(* Let $(R,d)$ be a differential ring having Property (P). (i) For any morphism $\varphi:M\to N$ of finite free differential modules over $R$, the kernel and cokernel of $\varphi$ (as differential modules) are again finite free; consequently the category of finite free differential modules over $R$ is an abelian subcategory of the category of differential modules over $R$. (ii) If $\varphi:M\to N$ is an injective morphism of finite free differential modules over $R$ and $M$, $N$ have the same rank, then $\varphi$ is an isomorphism. (iii) If $\varphi:M\to N$ is an injective morphism of finite free differential modules over $R$, then $\wedge^n\varphi:\wedge^nM\to\wedge^nN$ is injective for every $n\in\mathbb N$.
   Context: A differential ring is a commutative ring $R$ with a derivation $d$. A differential module over $R$ is an $R$-module $M$ with an additive map $D$ satisfying $D(rx)=d(r)x+rD(x)$; morphisms are $R$-linear maps commuting with $D$; it is finite free of rank $m$ if the underlying module is. Exterior powers carry $D(x_1\wedge\dots\wedge x_n)=\sum_i x_1\wedge\dots\wedge D(x_i)\wedge\dots\wedge x_n$. A ring is an elementary divisor ring if every matrix $A\in M_{m\times n}(R)$ can be brought, by multiplication by invertible matrices on both sides, to a diagonal matrix with diagonal entries $d_1\mid d_2\mid\dots\mid d_{\min(m,n)}$; an elementary divisor domain is such an integral domain. $R$ satisfies Condition (S) if every principal ideal $I$ with $d(I)\subset I$ is $(0)$ or $(1)$. Property (P): $R$ is an elementary divisor domain satisfying Condition (S). *)

From HB Require Import structures.
From mathcomp Require Import all_boot all_order all_algebra.
Set Implicit Arguments. Unset Strict Implicit. Unset Printing Implicit Defensive.
Import Order.TTheory GRing.Theory Num.Theory.
Local Open Scope ring_scope.

Section Defs.
Variable R : idomainType.

Definition is_derivation (d : R -> R) : Prop :=
  (forall x y, d (x + y) = d x + d y) /\ (forall x y, d (x * y) = d x * y + x * d y).

Definition dvdR (a b : R) : Prop := exists c, b = c * a.

Definition diag_divchain m n (D : 'M[R]_(m, n)) : Prop :=
  (forall (i : 'I_m) (j : 'I_n), (i : nat) <> j -> D i j = 0) /\
  (forall (i1 i2 : 'I_m) (j1 j2 : 'I_n),
      (i1 : nat) = j1 -> (i2 : nat) = j2 -> (i1 <= i2)%N -> dvdR (D i1 j1) (D i2 j2)).

Definition elementary_divisor_ring : Prop :=
  forall m n (A : 'M[R]_(m, n)), exists (P : 'M[R]_m) (Q : 'M[R]_n),
    P \in unitmx /\ Q \in unitmx /\ diag_divchain (P *m A *m Q).

Definition pideal (a : R) (x : R) : Prop := exists r, x = r * a.

Definition condition_S (d : R -> R) : Prop :=
  forall a : R, (forall x, pideal a x -> pideal a (d x)) ->
    (forall x, pideal a x <-> x = 0) \/ (forall x, pideal a x).

(* Property (P): R (an integral domain, by its type) is an elementary divisor
   domain satisfying Condition (S). *)
Definition property_P (d : R -> R) : Prop :=
  elementary_divisor_ring /\ condition_S d.

(* A finite free differential module of rank m is represented, in a basis,
   by R^m (row vectors) with D x = d(x) + x A, for a matrix A : 'M_m
   (row i of A = coordinates of D(e_i)). *)
Definition Dmod (d : R -> R) m (A : 'M[R]_m) (x : 'rV[R]_m) : 'rV[R]_m :=
  map_mx d x + x *m A.

Definition is_dmorphism (d : R -> R) m k (A : 'M[R]_m) (B : 'M[R]_k)
  (P : 'M[R]_(m, k)) : Prop :=
  forall x : 'rV[R]_m, Dmod d B (x *m P) = Dmod d A x *m P.

(* n-element subsets of 'I_m: index the standard basis e_I of wedge^n R^m *)
Definition nsubset (m n : nat) := {I : {set 'I_m} | #|I| == n}.

(* the (I,J) n x n minor of P (rows of I and columns of J in increasing order) *)
Definition minor m k n (P : 'M[R]_(m, k)) (I : nsubset m n) (J : nsubset k n) : R :=
  \det (\matrix_(a < n, b < n)
          P (enum_val (cast_ord (esym (eqP (valP I))) a))
            (enum_val (cast_ord (esym (eqP (valP J))) b))).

----------

_HOW TO COMPLETE THIS TASK_: Go through the data and count each line that has the word "nsubset", then give the total alone.

_OUTPUT_: 2